Comments on: Modules: another EXPORT method proposed
In R3, modules are easy to create. I've got one for generating HTML pages of all sorts, including web forms for various sites. The module is small, useful, easy to maintain... and before long it will be an integrated part of all the web site WIP wikis (once they move from R2 to R3.)
The HTML module is defined with the header:
Title: "HTML Formatting Functions"
Author: "Carl Sassenrath"
Exports: [reset-html emit emit-tag emit-link ...]
However, there is a practical matter to consider: I really don't want to maintain the Exports field directly. There are more than 30 words in it.
Some of you know that this issue has been on my mind for several years. In my original modules proposal (long ago) I made serveral suggestions. For example, the header could specify what not to export, then export everything not on that list.

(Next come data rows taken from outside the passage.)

Lemma Hkq_sym_proj f : Hkq f -> Hkq (sym_proj A f).
Proof.
case/HkqP => fl fA fAc; apply/HkqP; split; first exact/in_l2Z/in_l2_sym_part.
  exact/symm_onZ/sym_part_symm.
exact/skew_onZ/sym_part_skew.
Qed.

Lemma Hkq_alt_proj f : Hkq f -> Hkq (alt_proj A f).
Proof.
case/HkqP => fl fA fAc; apply/HkqP; split.
- exact/in_l2Z/in_l2_alt_part.
- exact/symm_onZ/alt_part_symm.
- exact/skew_onZ/alt_part_skew.
Qed.

Lemma mixed_up_sym_proj f : Hkq f -> mixed (k.+1)%:Z (q%:Z - 1) (sym_proj A f).
Proof.
case/HkqP => fl fA fAc; rewrite mixed_up; case: eqP => [q0|_].
  by apply: funext => x; rewrite /sym_proj /sym_part (setCA_eq0 q0) big_set0 mulr0.
apply: l2closure_lspan; first exact/in_l2Z/in_l2_sym_part.
by move: (lspan_sym_part (k + q)%:R^-1 fl fA fAc); rewrite card_A.
Qed.

Lemma mixed_down_alt_proj f : Hkq f -> mixed (k%:Z - 1) (q.+1)%:Z (alt_proj A f).
Proof.
case/HkqP => fl fA fAc; rewrite mixed_down; case: eqP => [k0|_].
  by apply: funext => x; rewrite /alt_proj /alt_part (setA_eq0 k0) big_set0 mulr0.
apply: l2closure_lspan; first exact/in_l2Z/in_l2_alt_part.
by move: (lspan_alt_part (k + q)%:R^-1 fl fA fAc); rewrite card_A.
Qed.

Lemma mixed_up_alt_ext_eq0 g : Hkq g -> mixed (k.+1)%:Z (q%:Z - 1) g ->
  forall i x, i \in A -> alt_ext (~: A) i g x = 0.
Proof.
case/HkqP => _ _ gAc; rewrite mixed_up; case: eqP => [_ ->|_ gcl] i x iA.
  by rewrite /alt_ext big1 ?subrr.
by apply: alt_ext_eq0 => //; rewrite card_A.
Qed.

Lemma mixed_down_sym_ext_eq0 h : Hkq h -> mixed (k%:Z - 1) (q.+1)%:Z h ->
  forall j x, j \notin A -> sym_ext A j h x = 0.
Proof.
case/HkqP => _ hA _; rewrite mixed_down; case: eqP => [_ ->|/eqP k0 hcl] j x jA.
  by rewrite /sym_ext big1 ?addr0.
by rewrite (sym_ext_eq0 x _ hA hcl jA) // card_A prednK ?lt0n.
Qed.

End Decomposition.

Local Open Scope classical_set_scope.

Theorem lemma3p4 (R : realType) (I : countType) (k q : nat) (hn : (0 < k + q)%N) :
  let Hp := @Hkq R I k q `&` @mixed R I (k + q) (k.+1)%:Z (q%:Z - 1) in
  let Hm := @Hkq R I k q `&` @mixed R I (k + q) (k%:Z - 1) (q.+1)%:Z in
  (forall g h, Hp g -> Hm h -> inner g h = 0) /\
  @Hkq R I k q = [set f | exists g h, Hp g /\ Hm h /\ f = (fun x => g x + h x)].
Proof.
move=> Hp Hm; split.
  move=> g h [Hg Mg] [Hh Mh].
  have [gl _ _] := (HkqP g).1 Hg; have [hl _ _] := (HkqP h).1 Hh.
  exact: inner_eq0 hn gl hl (mixed_up_alt_ext_eq0 Hg Mg) (mixed_down_sym_ext_eq0 Hh Mh).
apply/seteqP; split=> [f Hf|_ [g [h [[Hg _] [[Hh _] ->]]]]]; last exact: HkqD.
pose A := [set i : 'I_(k + q) | (i < k)%N]%SET; exists (sym_proj A f), (alt_proj A f).
split; first by split; [exact: Hkq_sym_proj | exact: mixed_up_sym_proj].
split; first by split; [exact: Hkq_alt_proj | exact: mixed_down_alt_proj].
exact: sym_proj_add_alt_proj.
Qed.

Another solution, one to think about... is to add a keyword into the module making method. The word would be used like this:
export emit: funct ["Emit HTML...
The meaning of export is only important at module load time, where it is used to declare what names are exported. This method works well, because the module's loaded source block is no longer relevant to future evaluation. So, the export words are non-functional.

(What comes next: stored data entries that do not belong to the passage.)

(* Let $\pi=(\pi_1,\dots,\pi_n)$ and $\lambda=(\lambda_1,\dots,\lambda_n)$ be partitions with at most $n$ parts such that $\lambda\not\subseteq\pi$ (i.e. $\lambda_i>\pi_i$ for some $i$). Then $W_\lambda(q^\pi t^{\delta(n)};q,p,t,a,b)=0$.
   Context: Fix $|p|<1$; parameters generic. $E(x)=(x;p)_\infty(p/x;p)_\infty$. For integer $m\ge0$, $(a)_m=\prod_{k=0}^{m-1}E(aq^k)$, for $m<0$, $(a)_m=1/(aq^m)_{-m}$; for a partition $\lambda$ with $n$ parts $(a)_\lambda=\prod_{i=1}^n(at^{1-i})_{\lambda_i}$; several arguments denote products; integer subscripts denote the single-integer symbol. $q^\pi t^{\delta(n)}=(q^{\pi_1}t^{n-1},q^{\pi_2}t^{n-2},\dots,q^{\pi_n})$. For $n$-part partitions with $\lambda_1\ge\mu_1\ge\dots\ge\lambda_n\ge\mu_n$, $\lambda_{n+1}=\mu_{n+1}=0$, $H_{\lambda/\mu}(q,p,t,b)=\prod_{1\le i<j\le n}\Big\{\frac{(q^{\mu_i-\mu_{j-1}}t^{j-i})_{\mu_{j-1}-\lambda_j}(q^{\lambda_i+\lambda_j}t^{3-j-i}b)_{\mu_{j-1}-\lambda_j}}{(q^{\mu_i-\mu_{j-1}+1}t^{j-i-1})_{\mu_{j-1}-\lambda_j}(q^{\lambda_i+\lambda_j+1}t^{2-j-i}b)_{\mu_{j-1}-\lambda_j}}\frac{(q^{\lambda_i-\mu_{j-1}+1}t^{j-i-1})_{\mu_{j-1}-\lambda_j}}{(q^{\lambda_i-\mu_{j-1}}t^{j-i})_{\mu_{j-1}-\lambda_j}}\Big\}\prod_{1\le i<j-1\le n}\frac{(q^{\mu_i+\lambda_j+1}t^{1-j-i}b)_{\mu_{j-1}-\lambda_j}}{(q^{\mu_i+\lambda_j}t^{2-j-i}b)_{\mu_{j-1}-\lambda_j}}$; for $x\in\mathbb{C}$, $W_{\lambda/\mu}(x;q,p,t,a,b)=H_{\lambda/\mu}\frac{(x^{-1},ax)_\lambda(qbx/t,qb/(axt))_\mu}{(x^{-1},ax)_\mu(qbx,qb/(ax))_\lambda}\prod_{i=1}^n\frac{E(bt^{1-2i}q^{2\mu_i})}{E(bt^{1-2i})}\frac{(bt^{1-2i})_{\mu_i+\lambda_{i+1}}}{(bqt^{-2i})_{\mu_i+\lambda_{i+1}}}t^{i(\mu_i-\lambda_{i+1})}$ (zero if the interlacing fails); recursively $W_{\lambda/\mu}(y,z_1,\dots,z_\ell;q,p,t,a,b)=\sum_\nu W_{\lambda/\nu}(yt^{-\ell};q,p,t,at^{2\ell},bt^\ell)W_{\nu/\mu}(z_1,\dots,z_\ell;q,p,t,a,b)$ over $\nu$ with $\lambda_1\ge\nu_1\ge\dots\ge\lambda_n\ge\nu_n\ge0$; $W_\lambda=W_{\lambda/0}$ where $0=(0,\dots,0)$. *)

From HB Require Import structures.
From mathcomp Require Import all_boot all_order all_algebra.
From mathcomp Require Import complex.
From mathcomp Require Import Rstruct.
From Stdlib Require Rdefinitions.
From Stdlib Require Import ClassicalEpsilon.
Set Implicit Arguments. Unset Strict Implicit. Unset Printing Implicit Defensive.
Import Order.TTheory GRing.Theory Num.Theory.
Local Open Scope ring_scope.

Definition CC : Type := (Rdefinitions.R)[i].

(** Convergence of a complex sequence, and its limit (chosen by classical
    choice; only ever used on convergent sequences). *)
Definition cconv (u : nat -> CC) (l : CC) : Prop :=
  forall e : Rdefinitions.R, 0 < e ->
    exists N : nat, forall m : nat, (N <= m)%N -> `|u m - l| < (e%:C)%C.

Definition clim (u : nat -> CC) : CC :=
  epsilon (inhabits (0 : CC)) (fun l => cconv u l).

(** Theta function  E(x) = (x;p)_oo (p/x;p)_oo  as the limit of its
    partial products. *)
Definition theta (p x : CC) : CC :=
  clim (fun N => \prod_(k < N) ((1 - x * p ^+ k) * (1 - p ^+ k.+1 / x))).

(** Elliptic shifted factorial for an integer m:
    (a)_m = prod_{k=0}^{m-1} E(a q^k)  (m >= 0),  (a)_m = 1/(a q^m)_{-m} (m < 0). *)
Definition epoch (p q a : CC) (m : int) : CC :=
  match m with
  | Posz k => \prod_(i < k) theta p (a * q ^+ i)
  | Negz k => (\prod_(i < k.+1) theta p (a * q ^ (- (k.+1)%:Z) * q ^+ i))^-1
  end.

(** Partitions with n parts are encoded as sequences of naturals of size n;
    [part l i] is the i-th part (1-indexed), and it is 0 for i > size l. *)
Definition part (l : seq nat) (i : nat) : nat := nth 0%N l i.-1.

Definition is_partition (n : nat) (l : seq nat) : Prop :=
  size l = n /\ sorted geq l.

Definition interlace (n : nat) (lam mu : seq nat) : bool :=
  [&& size lam == n, size mu == n &
      all (fun i => (part mu i <= part lam i)%N && (part lam i.+1 <= part mu i)%N)
          (iota 1 n)].

Definition epoch_part (p q t a : CC) (n : nat) (lam : seq nat) : CC :=
  \prod_(1 <= i < n.+1) epoch p q (a * t ^ (1 - (i%:Z))) (part lam i)%:Z.

(** The ratio (a)_lam / (a)_mu for mu contained in lam, written out as the
    product of the factors that survive cancellation:
    prod_i prod_{k = mu_i}^{lam_i - 1} E(a t^{1-i} q^k). *)
Definition epoch_ratio (p q t a : CC) (n : nat) (lam mu : seq nat) : CC :=
  \prod_(1 <= i < n.+1)
    \prod_(part mu i <= k < part lam i) theta p (a * t ^ (1 - (i%:Z)) * q ^+ k).

Definition Hfac (p q t b : CC) (n : nat) (lam mu : seq nat) : CC :=
  let L i := (part lam i)%:Z in
  let M i := (part mu i)%:Z in
  let e a m := epoch p q a m in
  (\prod_(1 <= j < n.+1) \prod_(1 <= i < j)
     let m := M (j.-1) - L j in
     (e (q ^ (M i - M j.-1) * t ^ (j%:Z - i%:Z)) m
        * e (q ^ (L i + L j) * t ^ (3 - j%:Z - i%:Z) * b) m)
     / (e (q ^ (M i - M j.-1 + 1) * t ^ (j%:Z - i%:Z - 1)) m
        * e (q ^ (L i + L j + 1) * t ^ (2 - j%:Z - i%:Z) * b) m)
     * (e (q ^ (L i - M j.-1 + 1) * t ^ (j%:Z - i%:Z - 1)) m
        / e (q ^ (L i - M j.-1) * t ^ (j%:Z - i%:Z)) m))
  * (\prod_(1 <= j < n.+2) \prod_(1 <= i < j.-1)
     let m := M (j.-1) - L j in
     e (q ^ (M i + L j + 1) * t ^ (1 - j%:Z - i%:Z) * b) m
     / e (q ^ (M i + L j) * t ^ (2 - j%:Z - i%:Z) * b) m).

Definition W1 (p q t a b : CC) (n : nat) (lam mu : seq nat) (x : CC) : CC :=
  if interlace n lam mu then
    let L i := (part lam i)%:Z in
    let M i := (part mu i)%:Z in
    Hfac p q t b n lam mu
    * epoch_ratio p q t x^-1 n lam mu
    * epoch_ratio p q t (a * x) n lam mu
    * (epoch_part p q t (q * b * x / t) n mu
       * epoch_part p q t (q * b / (a * x * t)) n mu)
    / (epoch_part p q t (q * b * x) n lam
       * epoch_part p q t (q * b / (a * x)) n lam)
    * \prod_(1 <= i < n.+1)
        (theta p (b * t ^ (1 - 2 * i%:Z) * q ^ (2 * M i))
         / theta p (b * t ^ (1 - 2 * i%:Z))
         * (epoch p q (b * t ^ (1 - 2 * i%:Z)) (M i + L i.+1)
            / epoch p q (b * q * t ^ (- 2 * i%:Z)) (M i + L i.+1))
         * t ^ (i%:Z * (M i - L i.+1)))
  else 0.

Fixpoint cands (n B : nat) : seq (seq nat) :=
  match n with
  | 0 => [:: [::]]
  | n'.+1 => [seq x :: s | x <- iota 0 B.+1, s <- cands n' B]
  end.

(** Multivariable W_{lam/mu}(x_1, ..., x_l; q,p,t,a,b) via the branching rule
    W_{lam/mu}(y,z_1..z_l; a,b)
      = sum_nu W_{lam/nu}(y t^{-l}; a t^{2l}, b t^l) W_{nu/mu}(z_1..z_l; a,b). *)
Fixpoint Wskew (p q t a b : CC) (n : nat) (xs : seq CC) (lam mu : seq nat)
  {struct xs} : CC :=
  match xs with
  | [::] => (lam == mu)%:R
  | [:: y] => W1 p q t a b n lam mu y
  | y :: zs =>
      let l := size zs in
      \sum_(nu <- cands n (part lam 1) | interlace n lam nu)
        W1 p q t (a * t ^+ (2 * l)) (b * t ^+ l) n lam nu (y * t ^- l)
        * Wskew p q t a b n zs nu mu
  end.

Definition Wfun (p q t a b : CC) (n : nat) (xs : seq CC) (lam : seq nat) : CC :=
  Wskew p q t a b n xs lam (nseq n 0%N).

(** The point q^pi t^{delta(n)} = (q^{pi_1} t^{n-1}, ..., q^{pi_n}). *)
Definition spec_point (q t : CC) (n : nat) (pi : seq nat) : seq CC :=
  [seq q ^+ part pi i * t ^+ (n - i) | i <- iota 1 n].

(** Genericity of the parameters: no nontrivial monomial q^i t^j a^k b^l
    is an integer power of p (i.e. a zero of the theta function). *)
Definition generic_params (p q t a b : CC) : Prop :=
  forall i j k l m : int, (i, j, k, l) != (0, 0, 0, 0) ->
    q ^ i * t ^ j * a ^ k * b ^ l != p ^ m.

From HB Require Import structures.
From mathcomp Require Import all_boot all_order all_algebra.
From mathcomp Require Import complex.
From mathcomp Require Import Rstruct.
From Stdlib Require Import ClassicalEpsilon.
Set Implicit Arguments. Unset Strict Implicit. Unset Printing Implicit Defensive.
Import Order.TTheory GRing.Theory Num.Theory.
Local Open Scope ring_scope.

(* The one-variable function W_{lam/mu}(x) contains the factor
   (x^-1)_lam / (x^-1)_mu, which at x = q^s with mu_1 <= s < lam_1 contains
   E(q^-s q^s) = E(1) = 0.  Expand W_lam(x_1, ..., x_n) at x_i = q^{pi_i} t^{n-i}
   by the branching rule, peeling off x_1, which enters the first factor as
   q^{pi_1}.  If lam_m > pi_m with m >= 2, interlacing gives nu_{m-1} >= lam_m
   > pi_m, so every remaining W_nu(x_2, ...) satisfies the same hypothesis with
   the shifted partition (pi_2, ..., pi_n).  If lam_1 > pi_1, either
   nu_1 <= pi_1 and the first factor vanishes, or nu_1 > pi_1 >= pi_2.  The
   recursion ends with one variable, where the first case applies. *)

Lemma clim_eventually_const (u : nat -> CC) (c : CC) (N : nat) :
  (forall m, (N <= m)%N -> u m = c) -> clim u = c.
Proof.
move=> u_c.
have cvg_c : cconv u c.
  by move=> e e_gt0; exists N => m /u_c ->; rewrite subrr normr0 ltcR.
have cvg_l : cconv u (clim u) by apply: epsilon_spec; exists c.
apply/eqP; apply: contraT => neq_lc.
have [e e_gt0 norm_lc] : exists2 e : Rdefinitions.R, 0 < e & `|clim u - c| = (e%:C)%C.
  exists (Num.sqrt (complex.Re (clim u - c) ^+ 2 + complex.Im (clim u - c) ^+ 2)).
    by rewrite -ltcR -normc_def normr_gt0 subr_eq0.
  exact: normc_def.
have [M cvgM] := cvg_l e e_gt0.
have := cvgM (maxn N M) (leq_maxr _ _).
by rewrite u_c ?leq_maxl // -normrN opprB norm_lc ltxx.
Qed.

Lemma theta1 (p : CC) : theta p 1 = 0.
Proof.
apply: (@clim_eventually_const _ _ 1) => -[|m] // _.
by rewrite big_ord_recl /= expr0 mul1r subrr !mul0r.
Qed.

Lemma epoch_ratio_qpow_eq0 (p q t : CC) (n : nat) (lam mu : seq nat) (s : nat) :
  q != 0 -> (0 < n)%N -> (part mu 1 <= s < part lam 1)%N ->
  epoch_ratio p q t (q ^+ s)^-1 n lam mu = 0.
Proof.
move=> q_neq0 n_gt0 s_range; apply/eqP; rewrite prodf_seq_eq0.
apply/hasP; exists 1%N; first by rewrite mem_index_iota ltnS.
rewrite /= prodf_seq_eq0; apply/hasP; exists s; first by rewrite mem_index_iota.
by rewrite /= subrr expr0z mulr1 mulVf ?expf_neq0 // theta1.
Qed.

Lemma W1_qpow_eq0 (p q t a b : CC) (n : nat) (lam mu : seq nat) (s : nat) :
  q != 0 -> (part mu 1 <= s < part lam 1)%N ->
  W1 p q t a b n lam mu (q ^+ s) = 0.
Proof.
move=> q_neq0 s_range; rewrite /W1; case: ifP => // /and3P[/eqP size_lam _ _].
have n_gt0 : (0 < n)%N.
  by rewrite -size_lam; case: (lam) s_range; rewrite /part //= ltn0 andbF.
by rewrite epoch_ratio_qpow_eq0 // mulr0 !mul0r.
Qed.

Lemma interlace_part_le (n : nat) (lam mu : seq nat) (i : nat) :
  interlace n lam mu -> (0 < i)%N -> (part lam i.+1 <= part mu i)%N.
Proof.
rewrite /interlace => /and3P[/eqP size_lam _ /allP interl] i_gt0.
have [i_le_n | n_lt_i] := leqP i n.
  by have /interl /andP[] : i \in iota 1 n by rewrite mem_iota i_gt0 add1n ltnS.
by rewrite /part [nth _ lam _]nth_default // size_lam ltnW.
Qed.

Lemma Wskew_cons (p q t a b : CC) (n : nat) (y : CC) (zs : seq CC) (lam mu : seq nat) :
  zs != [::] ->
  Wskew p q t a b n (y :: zs) lam mu =
  \sum_(nu <- cands n (part lam 1) | interlace n lam nu)
    W1 p q t (a * t ^+ (2 * size zs)) (b * t ^+ size zs) n lam nu (y * t ^- size zs)
    * Wskew p q t a b n zs nu mu.
Proof. by case: zs. Qed.

Fixpoint qt_point (q t : CC) (rho : seq nat) : seq CC :=
  if rho is r :: rho' then q ^+ r * t ^+ size rho' :: qt_point q t rho' else [::].

Lemma qt_point_cons (q t : CC) (r : nat) (rho : seq nat) :
  qt_point q t (r :: rho) = q ^+ r * t ^+ size rho :: qt_point q t rho.
Proof. by []. Qed.

Lemma size_qt_point (q t : CC) (rho : seq nat) : size (qt_point q t rho) = size rho.
Proof. by elim: rho => //= r rho ->. Qed.

Lemma spec_point_qt_point (q t : CC) (pi : seq nat) :
  spec_point q t (size pi) pi = qt_point q t pi.
Proof.
rewrite /spec_point; elim: pi => //= r pi <-; rewrite subSS subn0.
rewrite -(addn1 1) iotaDl -map_comp; congr (_ :: _).
by apply/eq_in_map => -[|i]; rewrite mem_iota // => _; rewrite add1n subSS.
Qed.

Lemma Wskew_qt_point_eq0 (p q t a b : CC) (n : nat) (rho mu nu : seq nat) :
  q != 0 -> t != 0 -> sorted geq rho -> {in rho, forall r, part mu 1 <= r}%N ->
  (exists2 m, (0 < m <= size rho)%N & (part rho m < part nu m)%N) ->
  Wskew p q t a b n (qt_point q t rho) nu mu = 0.
Proof.
move=> q_neq0 t_neq0; elim: rho nu => [|r rho IH] nu sorted_rho mu_le; first by case=> -[|m].
case=> -[|m] // m_range lt_m.
case: rho IH sorted_rho mu_le m_range lt_m => [|r' rho] IH sorted_rho mu_le m_range lt_m.
  case: m m_range lt_m => // _ lt_r.
  by rewrite /= expr0 mulr1 W1_qpow_eq0 // mu_le ?mem_head.
rewrite qt_point_cons Wskew_cons // size_qt_point mulfK ?expf_neq0 //.
have [r'_le_r sorted_rho'] : (r' <= r)%N /\ sorted geq (r' :: rho).
  by move: sorted_rho => /= /andP[].
have mu_le' : {in r' :: rho, forall r, part mu 1 <= r}%N.
  by move=> x x_in; apply: mu_le; rewrite inE x_in orbT.
apply: big1 => nu' nu_nu'.
case: m m_range lt_m => [|m] m_range lt_m.
  have [nu'_le_r | r_lt_nu'] := leqP (part nu' 1) r.
    by rewrite W1_qpow_eq0 ?nu'_le_r ?mul0r.
  by rewrite IH ?mulr0 //; exists 1%N => //; apply: leq_ltn_trans r_lt_nu'.
rewrite IH ?mulr0 //; exists m.+1 => //.
exact: leq_trans lt_m (interlace_part_le nu_nu' (ltn0Sn m)).
Qed.

Theorem mainTheorem5 (n : nat) (pi lam : seq nat) (p q t a b : CC) :
  `|p| < 1 -> q != 0 -> t != 0 -> a != 0 -> b != 0 ->
  generic_params p q t a b ->
  is_partition n pi -> is_partition n lam ->
  (exists i : nat, (1 <= i <= n)%N /\ (part pi i < part lam i)%N) ->
  Wfun p q t a b n (spec_point q t n pi) lam = 0.
Proof.
(* With total division the vanishing factor kills W1 outright; genericity
   and |p| < 1 only guarantee that the other factors are finite. *)
move=> _ q_neq0 t_neq0 _ _ _ [size_pi sorted_pi] _ [i [i_range lt_i]].
rewrite /Wfun -size_pi spec_point_qt_point.
apply: Wskew_qt_point_eq0 => //; last by exists i; rewrite ?size_pi.
by move=> r _; rewrite /part nth_nseq if_same.
Qed.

The main advantage is that the export declaration right next to the function it exports, making maintenance easier.
An alternative that I should mention, because someone will no-doubt mention it anyway is:
#export emit: funct ["Emit HTML...
But, I don't like that as much because issues are not words, they are strings and each one eats memory, where as a word, it wouldn't require any extra memory. (But we need to finish that discussion soon... before alpha is over!)
This export method isn't a change we're going to be making this week, but we need to get your comments, because it will happen sooner or later!
Once you start writing more modules... you'll know what I mean.
I'd rather completely forego of the export concept and add /only to import instead.
its much safer and the binding is done on the caller's pov, not the callee's pov.
I know what I need, not the module.
export become expose, such that the module only dictates what CAN be imported, not what it imports.
slim works like this and its much cleaner, cause the applications have complete control over word usage... not the modules.
plus, when you look at an application, you immediately see what func comes from what lib. slim has a dialect for importing words which even allows you to rename and/or prefix them on the fly. so that you have have two modules exposing all of the same words, being used without collision in the application.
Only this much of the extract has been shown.